Una célula solar de película fina de telururo de cadmio consta de varias capas. Cuando se utiliza un sustrato de vidrio, la célula se construye desde el frente en la configuración de supertrama, es decir, el sustrato se encuentra por encima de la célula: sobre (en realidad debajo) de la supertrama de vidrio se encuentra primero una capa conductora y transparente de óxido de indio y estaño (ITO).
Sobre ésta se deposita una capa muy delgada de sulfuro de cadmio. El sulfuro de cadmio es muy transparente a la luz solar, pero tiene una resistencia eléctrica relativamente alta. A continuación se deposita una capa delgada de telururo de cadmio. En la interfaz entre las capas de CdS y CdTe se produce la generación de portadores de carga por la iluminación solar.

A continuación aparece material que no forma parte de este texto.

(* Let $F$ be the elementary cellular automaton with rule number 172. For every nonempty finite word $u\in\{0,1\}^*$, the deterministic communication complexity of $\textsc{SInv}_{F,u}$ restricted to inputs of length $n$ is bounded by a constant independent of $n$.
   Context: An elementary cellular automaton (ECA) with rule number $N\in\{0,\dots,255\}$ is the map $F:\{0,1\}^{\mathbb Z}\to\{0,1\}^{\mathbb Z}$ given by $F(x)_i=f(x_{i-1},x_i,x_{i+1})$. Here the local rule $f:\{0,1\}^3\to\{0,1\}$ is determined by $N=\sum_{a,b,c\in\{0,1\}}2^{4a+2b+c}f(a,b,c)$. For a nonempty finite word $u$, $p_u\in\{0,1\}^{\mathbb Z}$ is defined by $(p_u)_i=u_{i\bmod |u|}$. For a finite word $x$, $p_u[x]$ is the configuration equal to $x$ on positions $0,\dots,|x|-1$ and to $p_u$ elsewhere. $\textsc{SInv}_{F,u}$ is the decision problem: on input a finite word $x$, decide whether there is an integer $w$ such that for all $t\ge0$ the set of positions where $F^t(p_u)$ and $F^t(p_u[x])$ differ is contained in an interval of length $w$. For each $n$, it is regarded as a function $\{0,1\}^n\to\{0,1\}$. For a function $g:X\times Y\to Z$, $D(g)$ is the minimal depth of a deterministic two-party protocol computing $g$. In such a protocol, Alice knows $x$ and Bob knows $y$. The protocol is a binary tree: each internal node is labelled by a function of Alice's input only or of Bob's input only, with values in $\{\text{left},\text{right}\}$, and each leaf is labelled by an output value. For $g:\{0,1\}^m\to Z$, set $D(g)=\max_{0\le i<m}D(g_i)$, where $g_i:\{0,1\}^i\times\{0,1\}^{m-i}\to Z$ is $g_i(x,y)=g(xy)$. *)

From Stdlib Require Import ZArith List Arith Bool.
Import ListNotations.
Open Scope Z_scope.

Definition eca_local (N : Z) (a b c : bool) : bool :=
  Z.testbit N (4 * Z.b2z a + 2 * Z.b2z b + Z.b2z c).

Definition config := Z -> bool.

Ambas capas semiconductoras deben ser tratadas y templadas con cloruro de cadmio (CdCl2) para optimizar la estructura cristalina de las capas y la calidad de la interfaz CdS–CdTe y, por tanto, las propiedades eléctricas. Los contactos metálicos en la parte trasera de la célula recogen los portadores de carga. El encapsulado trasero de la célula puede ser opaco.
Si se desean utilizar sustratos no transparentes como láminas metálicas, la célula se construye en la configuración de sustrato, es decir, el sustrato está debajo de la célula y las capas deben aplicarse en orden inverso. Esta disposición de capas es más complicada y, por ello, aún no se utiliza a gran escala.